• WHAT YOU WILL DO
Each line below from the one containing "From Stdlib Require Import Reals Lra Lia" through the one containing "Definition tends (g" should be output exactly as it stands, and no other line should appear.

(DATA)

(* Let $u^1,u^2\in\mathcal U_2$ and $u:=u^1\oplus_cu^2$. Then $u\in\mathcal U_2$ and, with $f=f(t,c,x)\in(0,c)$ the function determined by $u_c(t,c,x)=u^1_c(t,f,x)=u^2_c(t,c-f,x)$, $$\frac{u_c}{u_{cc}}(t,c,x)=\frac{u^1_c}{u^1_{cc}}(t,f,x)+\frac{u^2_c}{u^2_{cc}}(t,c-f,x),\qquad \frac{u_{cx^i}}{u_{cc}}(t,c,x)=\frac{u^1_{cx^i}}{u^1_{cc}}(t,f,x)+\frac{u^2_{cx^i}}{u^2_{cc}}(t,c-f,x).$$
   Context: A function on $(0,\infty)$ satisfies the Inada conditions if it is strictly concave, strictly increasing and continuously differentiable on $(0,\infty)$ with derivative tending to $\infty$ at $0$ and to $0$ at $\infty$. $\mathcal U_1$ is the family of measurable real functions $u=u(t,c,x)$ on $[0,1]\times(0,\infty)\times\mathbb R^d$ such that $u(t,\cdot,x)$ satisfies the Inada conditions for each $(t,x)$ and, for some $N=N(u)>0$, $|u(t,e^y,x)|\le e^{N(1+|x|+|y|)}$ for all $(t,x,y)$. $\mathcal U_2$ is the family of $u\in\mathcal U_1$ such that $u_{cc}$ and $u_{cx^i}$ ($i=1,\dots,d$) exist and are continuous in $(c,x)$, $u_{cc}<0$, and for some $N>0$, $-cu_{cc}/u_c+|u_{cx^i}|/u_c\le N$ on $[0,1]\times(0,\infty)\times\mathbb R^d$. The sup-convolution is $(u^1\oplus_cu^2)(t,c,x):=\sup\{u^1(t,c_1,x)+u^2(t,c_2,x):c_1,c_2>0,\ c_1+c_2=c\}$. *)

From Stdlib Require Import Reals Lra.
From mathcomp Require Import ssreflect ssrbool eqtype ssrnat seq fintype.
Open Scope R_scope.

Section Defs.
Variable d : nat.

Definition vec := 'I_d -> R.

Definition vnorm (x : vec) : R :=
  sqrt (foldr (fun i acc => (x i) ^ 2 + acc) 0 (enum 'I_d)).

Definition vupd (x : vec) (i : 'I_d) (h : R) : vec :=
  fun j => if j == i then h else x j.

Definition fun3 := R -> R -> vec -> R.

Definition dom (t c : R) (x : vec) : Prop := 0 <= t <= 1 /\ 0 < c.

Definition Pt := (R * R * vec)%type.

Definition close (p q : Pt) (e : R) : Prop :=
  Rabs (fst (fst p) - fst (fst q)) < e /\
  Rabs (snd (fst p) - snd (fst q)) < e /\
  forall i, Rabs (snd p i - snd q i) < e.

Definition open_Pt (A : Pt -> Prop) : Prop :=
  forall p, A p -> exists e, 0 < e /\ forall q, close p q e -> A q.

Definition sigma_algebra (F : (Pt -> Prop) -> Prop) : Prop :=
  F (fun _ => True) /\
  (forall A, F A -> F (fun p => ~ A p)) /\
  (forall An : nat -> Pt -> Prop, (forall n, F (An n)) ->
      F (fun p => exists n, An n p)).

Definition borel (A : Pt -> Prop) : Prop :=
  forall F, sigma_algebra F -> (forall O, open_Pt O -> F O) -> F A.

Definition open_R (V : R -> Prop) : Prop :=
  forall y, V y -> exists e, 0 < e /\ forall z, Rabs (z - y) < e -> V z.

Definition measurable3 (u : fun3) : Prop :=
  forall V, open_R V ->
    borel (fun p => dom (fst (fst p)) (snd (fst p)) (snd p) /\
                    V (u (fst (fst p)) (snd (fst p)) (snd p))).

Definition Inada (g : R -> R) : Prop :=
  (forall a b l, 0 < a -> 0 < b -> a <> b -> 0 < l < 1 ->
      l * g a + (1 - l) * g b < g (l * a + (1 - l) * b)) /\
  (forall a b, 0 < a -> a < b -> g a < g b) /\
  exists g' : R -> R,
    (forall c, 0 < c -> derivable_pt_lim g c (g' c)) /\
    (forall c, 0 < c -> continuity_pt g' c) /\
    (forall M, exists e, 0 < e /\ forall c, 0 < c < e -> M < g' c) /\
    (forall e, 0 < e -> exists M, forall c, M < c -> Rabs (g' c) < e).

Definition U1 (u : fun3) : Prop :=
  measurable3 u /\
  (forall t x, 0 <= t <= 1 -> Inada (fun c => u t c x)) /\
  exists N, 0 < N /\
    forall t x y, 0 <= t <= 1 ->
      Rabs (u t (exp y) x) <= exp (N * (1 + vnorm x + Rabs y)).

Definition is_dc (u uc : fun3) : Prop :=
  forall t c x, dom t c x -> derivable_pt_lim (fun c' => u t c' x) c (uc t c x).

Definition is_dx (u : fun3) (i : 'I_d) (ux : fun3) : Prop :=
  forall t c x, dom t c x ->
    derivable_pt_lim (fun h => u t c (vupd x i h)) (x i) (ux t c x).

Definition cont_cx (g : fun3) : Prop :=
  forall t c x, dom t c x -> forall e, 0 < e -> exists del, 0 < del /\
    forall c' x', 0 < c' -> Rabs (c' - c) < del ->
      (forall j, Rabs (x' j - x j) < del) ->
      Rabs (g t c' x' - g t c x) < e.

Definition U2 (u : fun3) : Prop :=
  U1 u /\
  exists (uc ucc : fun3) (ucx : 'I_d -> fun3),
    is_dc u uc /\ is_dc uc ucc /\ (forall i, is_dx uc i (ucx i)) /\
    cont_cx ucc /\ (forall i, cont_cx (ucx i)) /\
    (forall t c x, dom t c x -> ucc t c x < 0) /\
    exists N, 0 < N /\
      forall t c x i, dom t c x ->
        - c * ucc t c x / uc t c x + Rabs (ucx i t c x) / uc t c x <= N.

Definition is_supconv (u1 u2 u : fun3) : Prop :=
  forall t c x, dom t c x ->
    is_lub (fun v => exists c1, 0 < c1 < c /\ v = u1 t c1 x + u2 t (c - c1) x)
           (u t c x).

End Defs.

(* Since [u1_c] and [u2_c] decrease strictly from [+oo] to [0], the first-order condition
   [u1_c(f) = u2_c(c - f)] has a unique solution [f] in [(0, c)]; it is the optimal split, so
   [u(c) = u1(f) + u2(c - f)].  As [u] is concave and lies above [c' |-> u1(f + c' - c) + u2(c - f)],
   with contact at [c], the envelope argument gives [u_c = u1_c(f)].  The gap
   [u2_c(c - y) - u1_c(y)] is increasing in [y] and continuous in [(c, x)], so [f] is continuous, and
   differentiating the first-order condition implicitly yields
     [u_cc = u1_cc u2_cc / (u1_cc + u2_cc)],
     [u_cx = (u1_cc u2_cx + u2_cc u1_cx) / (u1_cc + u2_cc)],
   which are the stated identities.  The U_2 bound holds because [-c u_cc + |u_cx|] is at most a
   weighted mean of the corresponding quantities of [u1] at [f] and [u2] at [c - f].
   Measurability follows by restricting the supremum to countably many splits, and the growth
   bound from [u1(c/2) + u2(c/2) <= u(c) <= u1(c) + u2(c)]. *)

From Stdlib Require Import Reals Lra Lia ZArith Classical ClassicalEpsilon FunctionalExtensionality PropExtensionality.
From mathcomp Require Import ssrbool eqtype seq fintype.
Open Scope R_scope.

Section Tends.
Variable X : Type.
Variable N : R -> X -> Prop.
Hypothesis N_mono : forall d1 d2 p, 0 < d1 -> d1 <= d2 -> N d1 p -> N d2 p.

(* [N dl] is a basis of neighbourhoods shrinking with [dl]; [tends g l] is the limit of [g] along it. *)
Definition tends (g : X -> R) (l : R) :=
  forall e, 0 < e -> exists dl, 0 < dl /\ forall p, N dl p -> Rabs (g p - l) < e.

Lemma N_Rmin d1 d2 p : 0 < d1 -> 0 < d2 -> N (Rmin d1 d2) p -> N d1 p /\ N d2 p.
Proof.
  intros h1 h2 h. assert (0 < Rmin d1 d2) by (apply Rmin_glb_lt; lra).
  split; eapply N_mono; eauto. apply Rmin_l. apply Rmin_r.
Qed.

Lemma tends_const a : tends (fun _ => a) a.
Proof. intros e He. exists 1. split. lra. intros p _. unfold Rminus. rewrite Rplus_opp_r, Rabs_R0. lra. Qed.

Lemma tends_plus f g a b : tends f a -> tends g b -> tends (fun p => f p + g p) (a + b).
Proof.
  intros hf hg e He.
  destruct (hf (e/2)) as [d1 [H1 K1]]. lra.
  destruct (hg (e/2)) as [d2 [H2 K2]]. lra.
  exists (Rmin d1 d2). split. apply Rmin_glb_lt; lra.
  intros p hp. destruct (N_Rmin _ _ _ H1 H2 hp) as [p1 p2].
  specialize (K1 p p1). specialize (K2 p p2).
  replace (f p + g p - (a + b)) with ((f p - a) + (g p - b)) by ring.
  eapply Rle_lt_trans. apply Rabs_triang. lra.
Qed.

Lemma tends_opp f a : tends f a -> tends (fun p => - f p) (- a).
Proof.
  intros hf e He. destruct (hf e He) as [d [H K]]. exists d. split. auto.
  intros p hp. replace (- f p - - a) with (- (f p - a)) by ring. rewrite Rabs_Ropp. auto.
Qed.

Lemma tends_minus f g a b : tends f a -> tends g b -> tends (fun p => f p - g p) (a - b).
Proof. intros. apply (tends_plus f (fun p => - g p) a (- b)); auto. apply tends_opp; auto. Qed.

(End DATA)
(DATA)

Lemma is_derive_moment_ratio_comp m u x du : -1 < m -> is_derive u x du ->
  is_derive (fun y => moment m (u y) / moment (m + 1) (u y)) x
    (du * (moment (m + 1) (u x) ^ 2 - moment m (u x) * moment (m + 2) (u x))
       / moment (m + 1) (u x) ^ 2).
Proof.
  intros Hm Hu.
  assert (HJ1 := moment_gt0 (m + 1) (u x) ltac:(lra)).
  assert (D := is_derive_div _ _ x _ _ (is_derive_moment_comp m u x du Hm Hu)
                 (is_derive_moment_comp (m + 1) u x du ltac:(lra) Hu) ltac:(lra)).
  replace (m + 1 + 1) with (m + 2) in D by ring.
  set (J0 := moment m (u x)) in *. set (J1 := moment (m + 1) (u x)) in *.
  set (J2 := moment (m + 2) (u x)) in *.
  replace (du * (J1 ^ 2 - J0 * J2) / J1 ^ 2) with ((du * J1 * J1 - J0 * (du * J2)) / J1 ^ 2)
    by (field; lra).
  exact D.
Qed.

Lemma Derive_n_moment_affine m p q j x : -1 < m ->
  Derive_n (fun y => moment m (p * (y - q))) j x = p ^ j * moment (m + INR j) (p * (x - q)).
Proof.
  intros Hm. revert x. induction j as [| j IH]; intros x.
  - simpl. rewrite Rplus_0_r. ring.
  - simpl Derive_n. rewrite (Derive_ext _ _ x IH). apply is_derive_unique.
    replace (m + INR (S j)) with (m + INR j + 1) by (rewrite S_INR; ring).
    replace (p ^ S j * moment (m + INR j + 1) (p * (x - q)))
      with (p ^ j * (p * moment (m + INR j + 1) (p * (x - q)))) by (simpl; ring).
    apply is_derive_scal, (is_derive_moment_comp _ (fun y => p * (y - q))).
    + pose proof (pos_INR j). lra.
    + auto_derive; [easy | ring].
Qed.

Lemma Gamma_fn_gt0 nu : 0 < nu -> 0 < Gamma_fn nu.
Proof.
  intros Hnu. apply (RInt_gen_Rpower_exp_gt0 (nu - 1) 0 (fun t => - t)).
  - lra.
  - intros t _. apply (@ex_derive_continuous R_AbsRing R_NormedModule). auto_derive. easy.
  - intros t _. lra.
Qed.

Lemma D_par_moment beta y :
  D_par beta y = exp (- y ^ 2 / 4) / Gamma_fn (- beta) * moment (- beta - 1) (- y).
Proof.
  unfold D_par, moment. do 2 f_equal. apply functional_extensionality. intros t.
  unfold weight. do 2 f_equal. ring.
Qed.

(End DATA)
(DATA)

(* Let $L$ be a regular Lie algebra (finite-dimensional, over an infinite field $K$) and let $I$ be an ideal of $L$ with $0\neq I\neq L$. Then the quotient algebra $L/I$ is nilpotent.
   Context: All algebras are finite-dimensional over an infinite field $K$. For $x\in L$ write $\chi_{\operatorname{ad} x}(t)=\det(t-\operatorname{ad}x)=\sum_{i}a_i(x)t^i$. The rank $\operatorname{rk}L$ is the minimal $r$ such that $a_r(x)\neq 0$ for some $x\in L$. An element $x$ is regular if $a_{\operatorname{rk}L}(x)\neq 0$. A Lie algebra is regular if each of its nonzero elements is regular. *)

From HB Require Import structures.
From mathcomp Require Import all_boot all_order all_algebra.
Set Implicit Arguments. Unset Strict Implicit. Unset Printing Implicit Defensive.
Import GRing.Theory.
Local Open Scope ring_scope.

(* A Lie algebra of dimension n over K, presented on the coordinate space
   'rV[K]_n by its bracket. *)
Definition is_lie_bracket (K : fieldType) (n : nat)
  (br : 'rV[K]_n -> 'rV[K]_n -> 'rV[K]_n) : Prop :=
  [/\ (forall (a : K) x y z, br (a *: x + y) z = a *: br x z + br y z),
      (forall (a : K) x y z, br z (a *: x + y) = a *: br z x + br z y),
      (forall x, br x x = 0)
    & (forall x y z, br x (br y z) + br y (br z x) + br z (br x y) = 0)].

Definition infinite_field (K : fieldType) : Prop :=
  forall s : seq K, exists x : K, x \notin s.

(End DATA)

• RESULT OF THE TASK
From Stdlib Require Import Reals Lra Lia ZArith Classical ClassicalEpsilon FunctionalExtensionality PropExtensionality.
From mathcomp Require Import ssrbool eqtype seq fintype.
Open Scope R_scope.

Section Tends.
Variable X : Type.
Variable N : R -> X -> Prop.
Hypothesis N_mono : forall d1 d2 p, 0 < d1 -> d1 <= d2 -> N d1 p -> N d2 p.

(* [N dl] is a basis of neighbourhoods shrinking with [dl]; [tends g l] is the limit of [g] along it. *)
Definition tends (g : X -> R) (l : R) :=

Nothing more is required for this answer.